▶ _Data for the task_:
(* Let $0<c<1$ and let $(v^*,u^* )$ be the unique saddle point of $\min_v\max_u E(v,u)$. Define, for $v\in\mathbb{R}^{|S|}$, $u\in\mathbb{R}^{|S|\times|A|}_{>0}$, $$L_c(v,u)=\frac{\alpha}{2}\sum_s|v_s-v^*_s|^2+\tau\Big(\sum_{s,a}\Big(u^*_{sa}\log\frac{u^*_{sa}}{u_{sa}}+u_{sa}-u^*_{sa}\Big)+\frac{c}{1-c}\sum_s\Big(\tilde u^*_s\log\frac{\tilde u^*_s}{\tilde u_s}+\tilde u_s-\tilde u^*_s\Big)\Big).$$ Then $L_c$ is convex, its unique minimum is attained at $(v^*,u^* )$ with $L_c(v^*,u^* )=0$, and the sublevel sets of $L_c$ are bounded.
   Context: Finite MDP: state space $S$, action space $A$, transition probabilities $P_{ass'}$ (with $\sum_{s'}P_{ass'}=1$), rewards $r_{sa}\ge0$, discount $\gamma\in(0,1)$, regularization $\tau>0$, and $\alpha>0$. $K_{ass'}=\delta_{ss'}-\gamma P_{ass'}$, $\tilde u_s=\sum_a u_{sa}$ (and $\tilde u^*_s=\sum_a u^*_{sa}$), and $E(v,u)=\frac{\alpha}{2}\sum_s v_s^2+\sum_{s,a}u_{sa}(r_{sa}-\sum_{s'}K_{ass'}v_{s'})-\tau\sum_{s,a}u_{sa}\log(u_{sa}/\tilde u_s)$. This min-max problem has a unique saddle point $(v^*,u^* )$ with $u^*_{sa}>0$. *)

From mathcomp Require Import all_boot all_order all_algebra.
From mathcomp Require Import reals exp.
Set Implicit Arguments. Unset Strict Implicit. Unset Printing Implicit Defensive.
Import Order.TTheory GRing.Theory Num.Theory.
Local Open Scope ring_scope.

Section MDP.
Variables (R : realType) (S A : finType).

Definition stochastic (P : A -> S -> S -> R) : Prop :=
  (forall a s s', 0 <= P a s s') /\ (forall a s, \sum_(s' : S) P a s s' = 1).

Definition Kmat (gamma : R) (P : A -> S -> S -> R) (a : A) (s s' : S) : R :=
  (s == s')%:R - gamma * P a s s'.

Definition utilde (u : S -> A -> R) (s : S) : R := \sum_(a : A) u s a.

Definition posu (u : S -> A -> R) : Prop := forall s a, 0 < u s a.

Definition Efun (gamma tau alpha : R) (P : A -> S -> S -> R) (r : S -> A -> R)
  (v : S -> R) (u : S -> A -> R) : R :=
  alpha / 2 * \sum_(s : S) v s ^+ 2
  + \sum_(s : S) \sum_(a : A)
      u s a * (r s a - \sum_(s' : S) Kmat gamma P a s s' * v s')
  - tau * \sum_(s : S) \sum_(a : A) u s a * ln (u s a / utilde u s).

Definition saddle_point (gamma tau alpha : R) (P : A -> S -> S -> R)
  (r : S -> A -> R) (vs : S -> R) (us : S -> A -> R) : Prop :=
  posu us /\
  (forall u, posu u -> Efun gamma tau alpha P r vs u <= Efun gamma tau alpha P r vs us) /\
  (forall v, Efun gamma tau alpha P r vs us <= Efun gamma tau alpha P r v us).

Definition Lc (tau alpha c : R) (vs : S -> R) (us : S -> A -> R)
  (v : S -> R) (u : S -> A -> R) : R :=
  alpha / 2 * \sum_(s : S) `|v s - vs s| ^+ 2
  + tau * (\sum_(s : S) \sum_(a : A)
             (us s a * ln (us s a / u s a) + u s a - us s a)
           + c / (1 - c) * \sum_(s : S)
             (utilde us s * ln (utilde us s / utilde u s)
              + utilde u s - utilde us s)).

End MDP.

From mathcomp Require Import all_boot all_order all_algebra.
From mathcomp Require Import interval_inference reals exp convex.
From mathcomp Require Import ring lra.
From Stdlib Require Import FunctionalExtensionality Classical.
Import Order.TTheory GRing.Theory Num.Theory.
Local Open Scope ring_scope.
Set Implicit Arguments.
Unset Strict Implicit.

(* L_c is a nonnegative combination of the squared distance to v* and of two
   generalized Kullback-Leibler divergences sum_i p_i ln (p_i / q_i) + q_i - p_i:
   one between u* and u, one between their marginals ũ* and ũ.  Each summand is
   convex in q because ln is concave, is nonnegative and vanishes only at q = p
   because ln z <= z - 1 with equality only at z = 1, and dominates q / 2 - p
   because ln z <= z / 2; the last fact bounds u on sublevel sets, and the
   squared distance bounds v. *)

Lemma fun_neq_exists (T U : Type) (f g : T -> U) : f <> g -> exists x, f x <> g x.
Proof. by move=> fg; apply: not_all_ex_not => fg_eq; apply/fg/functional_extensionality. Qed.

Section ConvexCombination.
Variable R : realDomainType.
Implicit Types x y z t : R.

Lemma comb_gt0 x y t : 0 < x -> 0 < y -> 0 <= t <= 1 -> 0 < t * x + (1 - t) * y.
Proof. by move=> x0 y0 /andP[t0 t1]; have := convR_gt0 (Itv01 t0 t1) x0 y0; rewrite convRE. Qed.

Lemma sqr_normB_convex x y z t : 0 <= t <= 1 ->
  `|t * x + (1 - t) * y - z| ^+ 2 <= t * `|x - z| ^+ 2 + (1 - t) * `|y - z| ^+ 2.
Proof.
move=> /andP[t0 t1]; rewrite !real_normK ?num_real //.
have t1' : 0 <= 1 - t by rewrite subr_ge0.
have := mulr_ge0 (mulr_ge0 t0 t1') (sqr_ge0 (x - y)); lra.
Qed.

End ConvexCombination.

Section FiniteSums.
Variables (R : realDomainType) (I : finType).
Implicit Types (F G H x y : I -> R) (t : R).

Lemma ler_term_sum F i : (forall j, 0 <= F j) -> F i <= \sum_j F j.
Proof. by move=> F0; rewrite (bigD1 i) //= lerDl sumr_ge0. Qed.

Lemma ler_sum_comb F G H t : (forall i, F i <= t * G i + (1 - t) * H i) ->
  \sum_i F i <= t * \sum_i G i + (1 - t) * \sum_i H i.
Proof. by move=> FGH; rewrite !mulr_sumr -big_split; apply: ler_sum => i _. Qed.

Lemma finite_ub F : exists B, forall i, F i <= B.
Proof.
exists (\sum_i `|F i|) => i.
exact: (le_trans (ler_norm _) (ler_term_sum i (fun j => normr_ge0 (F j)))).
Qed.

Definition sqdist x y : R := \sum_i `|x i - y i| ^+ 2.

Lemma sqdistxx x : sqdist x x = 0.
Proof. by rewrite /sqdist big1 // => i _; rewrite subrr normr0 expr0n. Qed.

Lemma le_sqdist x y i : `|x i - y i| ^+ 2 <= sqdist x y.
Proof. by apply: (ler_term_sum (F := fun j => `|x j - y j| ^+ 2)) => j; exact: sqr_ge0. Qed.

Lemma sqdist_ge0 x y : 0 <= sqdist x y.
Proof. by apply: sumr_ge0 => i _; exact: sqr_ge0. Qed.

Lemma sqdist_gt0 x y i : x i != y i -> 0 < sqdist x y.
Proof.
move=> xy; apply: lt_le_trans (le_sqdist x y i).
by rewrite exprn_gt0 // normr_gt0 subr_eq0.
Qed.

Lemma sqdist_convex x x1 x2 y t : 0 <= t <= 1 ->
  (forall i, x i = t * x1 i + (1 - t) * x2 i) ->
  sqdist x y <= t * sqdist x1 y + (1 - t) * sqdist x2 y.
Proof. by move=> t01 xE; apply: ler_sum_comb => i; rewrite xE sqr_normB_convex. Qed.

End FiniteSums.

Section LnFacts.
Variable R : realType.
Implicit Types x y t : R.

Lemma ln_le_subr1 x : 0 < x -> ln x <= x - 1.
Proof. by move=> x0; have := @le_ln1Dx R (x - 1); rewrite subrKC; apply; lra. Qed.

Lemma ln_lt_subr1 x : 0 < x -> x != 1 -> ln x < x - 1.
Proof.
move=> x0 x1; rewrite -ltr_expR lnK ?posrE //.
by have := @expR_gt1Dx R (x - 1); rewrite subrKC; apply; rewrite subr_eq0.
Qed.

Lemma ln_le_half x : 0 < x -> ln x <= x / 2.
Proof.
move=> x0; have x2 : x = x / 2 * 2 by rewrite divfK ?pnatr_eq0.
rewrite {1}x2 lnM ?posrE ?divr_gt0 //.
have := @ln_le_subr1 (x / 2) (divr_gt0 x0 (ltr0Sn R 1)).
have := @ln_le_subr1 2 (ltr0Sn R 1); lra.
Qed.

Lemma ln_concave x y t : 0 < x -> 0 < y -> 0 <= t <= 1 ->
  t * ln x + (1 - t) * ln y <= ln (t * x + (1 - t) * y).
Proof. by move=> x0 y0 /andP[t0 t1]; have := concave_ln (Itv01 t0 t1) x0 y0; rewrite !convRE. Qed.

End LnFacts.

Section KullbackLeibler.
Variable R : realType.
Implicit Types p q t : R.

Definition kldiv p q : R := p * ln (p / q) + q - p.

Lemma kldivxx p : kldiv p p = 0.
Proof.
rewrite /kldiv; have [->|p0] := eqVneq p 0; first by rewrite mul0r addr0 subrr.
by rewrite divff // ln1 mulr0 add0r subrr.
Qed.

Lemma kldivE p q : 0 < p -> 0 < q -> kldiv p q = p * (q / p - 1 - ln (q / p)).
Proof.
move=> p0 q0; rewrite /kldiv -[p / q]invf_div lnV ?posrE ?divr_gt0 //.
by field; rewrite gt_eqF.
Qed.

▶ _Your assignment_: Within the material above, report how many lines carry the word "Require", and nothing else.

▶ _Result_: 6